(Stored data)

(* Let $A$ be a $C$-algebra. \begin{enumerate} \item Let $\mathcal{M}$ be the partially ordered set consisting of $A$-submodules of $A\otimes A$ of the form $\overline{A\otimes M}$ where $M$ runs through $C$-submodules of $A$. If $\mathcal{M}$ does not satisfy the ascending chain condition, then $\text{Ш}_C(A)$ of weight zero does not satisfy the ascending chain condition for Baxter ideals. \item If $A$ is not a noetherian ring, then $\text{Ш}_C(A)$ of any weight does not satisfy the ascending chain condition for Baxter ideals. \end{enumerate}
   Context: $C$ is a commutative ring, $\lambda\in C$. $\text{Ш}_C(A)=\bigoplus_{k\in\mathbb{N}}A^{\otimes(k+1)}$ is the shuffle (free) Baxter $C$-algebra of weight $\lambda$ on $A$: product $(x_0\otimes\cdots\otimes x_m)(y_0\otimes\cdots\otimes y_n)=x_0y_0\otimes(\text{sum of mixable shuffles of } x_1\cdots x_m \text{ and } y_1\cdots y_n)$, where in a mixable shuffle some adjacent pairs $x_i$ followed by $y_j$ are merged into $x_iy_j$ with a factor $\lambda$ per merger; Baxter operator $P_A(x_0\otimes\cdots\otimes x_n)=\mathbf{1}_A\otimes x_0\otimes\cdots\otimes x_n$. A Baxter ideal is an ideal $I$ with $P_A(I)\subseteq I$. $A\otimes A$ is an $A$-module via the left tensor factor, and for a $C$-submodule $M\subseteq A$, $\overline{A\otimes M}$ denotes the subgroup of $A\otimes A$ generated by $a\otimes b$, $a\in A$, $b\in M$ (the image of $A\otimes M\to A\otimes A$). *)

From HB Require Import structures.
From mathcomp Require Import all_boot all_algebra.
From mathcomp Require Import finmap.
From mathcomp.multinomials Require Import monalg.

Set Implicit Arguments.
Unset Strict Implicit.
Unset Printing Implicit Defensive.

Import GRing.Theory.
Local Open Scope ring_scope.

Definition submod (R : nzRingType) (V : lmodType R) (S : V -> Prop) : Prop :=
  [/\ S 0, (forall x y, S x -> S y -> S (x + y)) & (forall (c : R) x, S x -> S (c *: x))].

Definition span (R : nzRingType) (V : lmodType R) (G : V -> Prop) : V -> Prop :=
  fun x => forall S : V -> Prop, submod S -> (forall y, G y -> S y) -> S x.

Definition ring_ideal (A : comNzRingType) (I : A -> Prop) : Prop :=
  [/\ I 0, (forall x y, I x -> I y -> I (x + y)) & (forall a x, I x -> I (a * x))].

Definition acc (T : Type) (P : (T -> Prop) -> Prop) : Prop :=
  forall I : nat -> T -> Prop,
    (forall n, P (I n)) ->
    (forall n x, I n x -> I n.+1 x) ->
    exists n, forall m, (n <= m)%N -> I m = I n.

Definition noetherian (A : comNzRingType) : Prop := acc (@ring_ideal A).

(* Ш_C(A) = (+)_k A^{(x)(k+1)} is realised as the quotient F/N, where  *)
(* F is the free C-module on words (x0, [x1;...;xn]) (pure tensors     *)
(* x0 (x) x1 (x) ... (x) xn) and N is the C-span of the multilinearity *)
(* relations ([tensor_rel]).                                           *)

Section Shuffle.
Context (C : comNzRingType) (A : comAlgType C).

Definition tword := (A * seq A)%type.
Definition Fsh := {malg C[tword]}.

(* word with given list of letters (nonempty in use) *)
Definition wd (s : seq A) : tword := (head 0 s, behead s).

Definition tensor_rel (f : Fsh) : Prop :=
  (exists (u v : seq A) (a b : A),
      f = << wd (u ++ (a + b) :: v) >> - << wd (u ++ a :: v) >> - << wd (u ++ b :: v) >>)
  \/ (exists (u v : seq A) (c : C) (a : A),
      f = << wd (u ++ (c *: a) :: v) >> - c *: << wd (u ++ a :: v) >>).

Variable lam : C.

(* Sum of mixable shuffles of xs and ys (weight lam), as a formal list
   of (coefficient, word); given by the standard (quasi-shuffle)
   recursion. *)
Fixpoint mshuffle (xs : seq A) : seq A -> seq (C * seq A) :=
  fix msh_in (ys : seq A) :=
  match xs, ys with
  | [::], _ => [:: (1, ys)]
  | _, [::] => [:: (1, xs)]
  | x :: xs', y :: ys' =>
      [seq (p.1, x :: p.2) | p <- mshuffle xs' ys] ++
      [seq (p.1, y :: p.2) | p <- msh_in ys'] ++
      [seq (lam * p.1, (x * y) :: p.2) | p <- mshuffle xs' ys']
  end.

Definition wmul (u v : tword) : Fsh :=
  \sum_(p <- mshuffle u.2 v.2) p.1 *: << (u.1 * v.1, p.2) >>.

Definition shmul (f g : Fsh) : Fsh :=
  \sum_(u <- msupp f) \sum_(v <- msupp g) (f@_u * g@_v) *: wmul u v.
Lemma is_Cderive_inv z : z <> RtoC 0 -> is_Cderive Cinv z (Copp (Cinv (Cmult z z))).
Proof.
  intros Hz. apply is_Cderive_intro. intros eps.
  pose proof (proj1 (Cmod_gt_0 z) Hz) as Hr. set (r := Cmod z) in *.
  assert (Hd : 0 < Rmin (r / 2) (eps * r ^ 3 / 2)).
  { apply Rmin_glb_lt; [lra|].
    apply Rdiv_lt_0_compat; [apply Rmult_lt_0_compat; [apply cond_pos|apply pow_lt, Hr]|lra]. }
  apply (filter_imp (fun w => Cmod (Cminus w z) < Rmin (r / 2) (eps * r ^ 3 / 2))); [|apply Cnear_ball, Hd].
  intros w Hw.
  assert (Hw1 : Cmod (Cminus w z) < r / 2) by (eapply Rlt_le_trans; [exact Hw|apply Rmin_l]).
  assert (Hw2 : Cmod (Cminus w z) < eps * r ^ 3 / 2) by (eapply Rlt_le_trans; [exact Hw|apply Rmin_r]).
  assert (Hwr : r / 2 <= Cmod w) by (pose proof (Cmod_sub_le z w); unfold r in *; lra).
  assert (Hw0 : w <> RtoC 0) by (intros E; rewrite E, Cmod_0 in Hwr; lra).
  replace (Cminus (Cminus (Cinv w) (Cinv z)) (Cmult (Cminus w z) (Copp (Cinv (Cmult z z)))))
    with (Cmult (Cmult (Cminus w z) (Cminus w z)) (Cinv (Cmult (Cmult z z) w)))
    by (C_field; auto).
  rewrite !Cmod_mult, Cmod_inv, !Cmod_mult by (repeat apply Cmult_neq_0; auto). fold r.
  set (t := Cmod (Cminus w z)) in *. assert (0 <= t) by apply Cmod_ge_0.
  apply Rle_trans with (t * t * (2 / r ^ 3)).
  - apply Rmult_le_compat_l; [nra|].
    replace (2 / r ^ 3) with (/ (r * r * (r / 2))) by (field; lra).
    apply Rinv_le_contravar; [apply Rmult_lt_0_compat; [nra|lra]|]. apply Rmult_le_compat_l; nra.
  - pose proof (pow_lt r 3 Hr). apply Rle_trans with (t * (eps * r ^ 3 / 2) * (2 / r ^ 3)).
    + apply Rmult_le_compat_r; [apply Rlt_le, Rdiv_lt_0_compat; lra|]. nra.
    + right. field. lra.
Qed.

Lemma CDerive_eq f z l : is_Cderive f z l -> CDerive f z = l.
Proof.
  intros H. unfold CDerive.
  assert (Hex : exists l', is_Cderive f z l') by (exists l; exact H).
  rewrite <- (is_C_derive_unique f z l H).
  symmetry. apply is_C_derive_unique, (epsilon_spec (inhabits (RtoC 0)) _ Hex).
Qed.

Lemma CDerive_n_on_open (U : C -> Prop) (f : C -> C) (g : nat -> C -> C) :
  (forall w, U w -> Cnear w U) -> (forall w, U w -> f w = g O w) ->
  (forall k w, U w -> is_Cderive (g k) w (g (S k) w)) ->
  forall m w, U w -> CDerive_n m f w = g m w.
Proof.
  intros HU Hf Hg m. induction m as [|m IH]; intros w Hw; [exact (Hf w Hw)|].
  apply CDerive_eq, (is_derive_ext_loc (g m)); [|exact (Hg m w Hw)].
  apply (filter_imp U); [|exact (HU w Hw)]. intros t Ht. symmetry. exact (IH t Ht).
Qed.

(** * The principal logarithm *)

Definition Cexp (d : C) : C := (exp (Re d) * cos (Im d), exp (Re d) * sin (Im d)).

Lemma Cexp_plus a b : Cexp (Cplus a b) = Cmult (Cexp a) (Cexp b).
Proof.
  destruct a as [a1 a2], b as [b1 b2]. unfold Cexp, Cplus, Cmult, Re, Im; simpl.
  rewrite exp_plus, cos_plus, sin_plus. f_equal; ring.
Qed.

(* [0 < Cmod w + Re w] says that [w] lies off the cut [(-oo, 0]]. *)
Lemma Cmod_pos_off_cut w : 0 < Cmod w + Re w -> 0 < Cmod w.
Proof.
  intros H. destruct (Req_dec (Cmod w) 0) as [E|E]; [|pose proof (Cmod_ge_0 w); lra].
  apply Cmod_eq_0 in E. rewrite E in H. rewrite Cmod_0 in H. simpl in H. lra.
Qed.
Lemma reach_transport (S : V -> Prop) (Q : T -> Prop) a b s s' :
  (forall u u', Q u -> comparable le u u' -> (exists v, S v /\ Vt u' v) -> Q u') ->
  Vt s a -> Q s -> reach adj S a b -> Vt s' b -> Q s'.
Proof.
  intros HQ Ha Qs [_ Hr] Hb.
  enough (J : (forall s', Vt s' b -> Q s') /\
              (~ covered b -> exists x u, Vt u x /\ Q u /\ bridge_to x b))
    by exact (proj1 J s' Hb).
  clear Hb. apply clos_rt_rtn1_iff in Hr.
  induction Hr as [|v w (Sv & Sw & Hvw) _ [IHQ IHb]].
  - split.
    + intros s'' Hs''. rewrite <- (part_unique Ha Hs''). exact Qs.
    + intros Hna. contradiction (Hna (part_covered Ha)).
  - destruct (classic (covered w)) as [(sw & _ & Hw)|Hw].
    + split; [|intros Hnw; contradiction (Hnw (part_covered Hw))].
      intros s'' Hs''. rewrite <- (part_unique Hw Hs'').
      assert (Hcmp : exists u, Q u /\ comparable le u sw).
      { destruct (classic (covered v)) as [(sv & _ & Hv)|Hv].
        - exists sv. split; [apply IHQ, Hv | exact (adj_parts_comparable Hv Hw Hvw)].
        - destruct (IHb Hv) as (x & u & Hx & Qu & Hbr).
          exists u. split; [exact Qu | exact (bridge_comparable Hbr Hvw Hx Hw)]. }
      destruct Hcmp as (u & Qu & Hc). apply (HQ u); eauto.
    + split; [intros s'' Hs''; contradiction (Hw (part_covered Hs''))|]. intros _.
      destruct (classic (covered v)) as [(sv & _ & Hv)|Hv].
      * exists v, sv. split; [|split]; auto.
        apply bridge_start; [exact (part_covered Hv) | exact Hw | apply adj_sym, Hvw].
      * destruct (IHb Hv) as (x & u & Hx & Qu & Hbr). exists x, u. split; [|split]; auto.
        apply bridge_step with v; [exact (part_covered Hx) | exact Hbr | exact Hw |].
        apply adj_sym, Hvw.
Qed.

Lemma reach_stays_above (P : T -> Prop) (S : V -> Prop) m a b s s' :
  minimal_in le P m -> (forall v u, S v -> Vt u v -> P u) ->
  le m s -> Vt s a -> reach adj S a b -> Vt s' b -> le m s'.
Proof.
  intros [Pm Hmin] HSP Hms Ha Hr Hb.
  apply (reach_transport (S := S) (Q := le m) (a := a) (b := b) (s := s)); auto.
  intros u u' Hmu [Huu'|Hu'u] (v & Sv & Hv); [exact (tree_trans tree Hmu Huu')|].
  destruct (down_comparable tree Hmu Hu'u) as [Hmu'|Hu'm]; [exact Hmu'|].
  rewrite (Hmin u' (HSP v u' Sv Hv) Hu'm). apply tree_refl, tree.
Qed.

(End Stored data)

Copy, exactly and only, the lines above that begin with the one containing "replace (2 /" and finish with the one containing "Lemma CDerive_n_on_open (U".

    replace (2 / r ^ 3) with (/ (r * r * (r / 2))) by (field; lra).
    apply Rinv_le_contravar; [apply Rmult_lt_0_compat; [nra|lra]|]. apply Rmult_le_compat_l; nra.
  - pose proof (pow_lt r 3 Hr). apply Rle_trans with (t * (eps * r ^ 3 / 2) * (2 / r ^ 3)).
    + apply Rmult_le_compat_r; [apply Rlt_le, Rdiv_lt_0_compat; lra|]. nra.
    + right. field. lra.
Qed.

Lemma CDerive_eq f z l : is_Cderive f z l -> CDerive f z = l.
Proof.
  intros H. unfold CDerive.
  assert (Hex : exists l', is_Cderive f z l') by (exists l; exact H).
  rewrite <- (is_C_derive_unique f z l H).
  symmetry. apply is_C_derive_unique, (epsilon_spec (inhabits (RtoC 0)) _ Hex).
Qed.

Lemma CDerive_n_on_open (U : C -> Prop) (f : C -> C) (g : nat -> C -> C) :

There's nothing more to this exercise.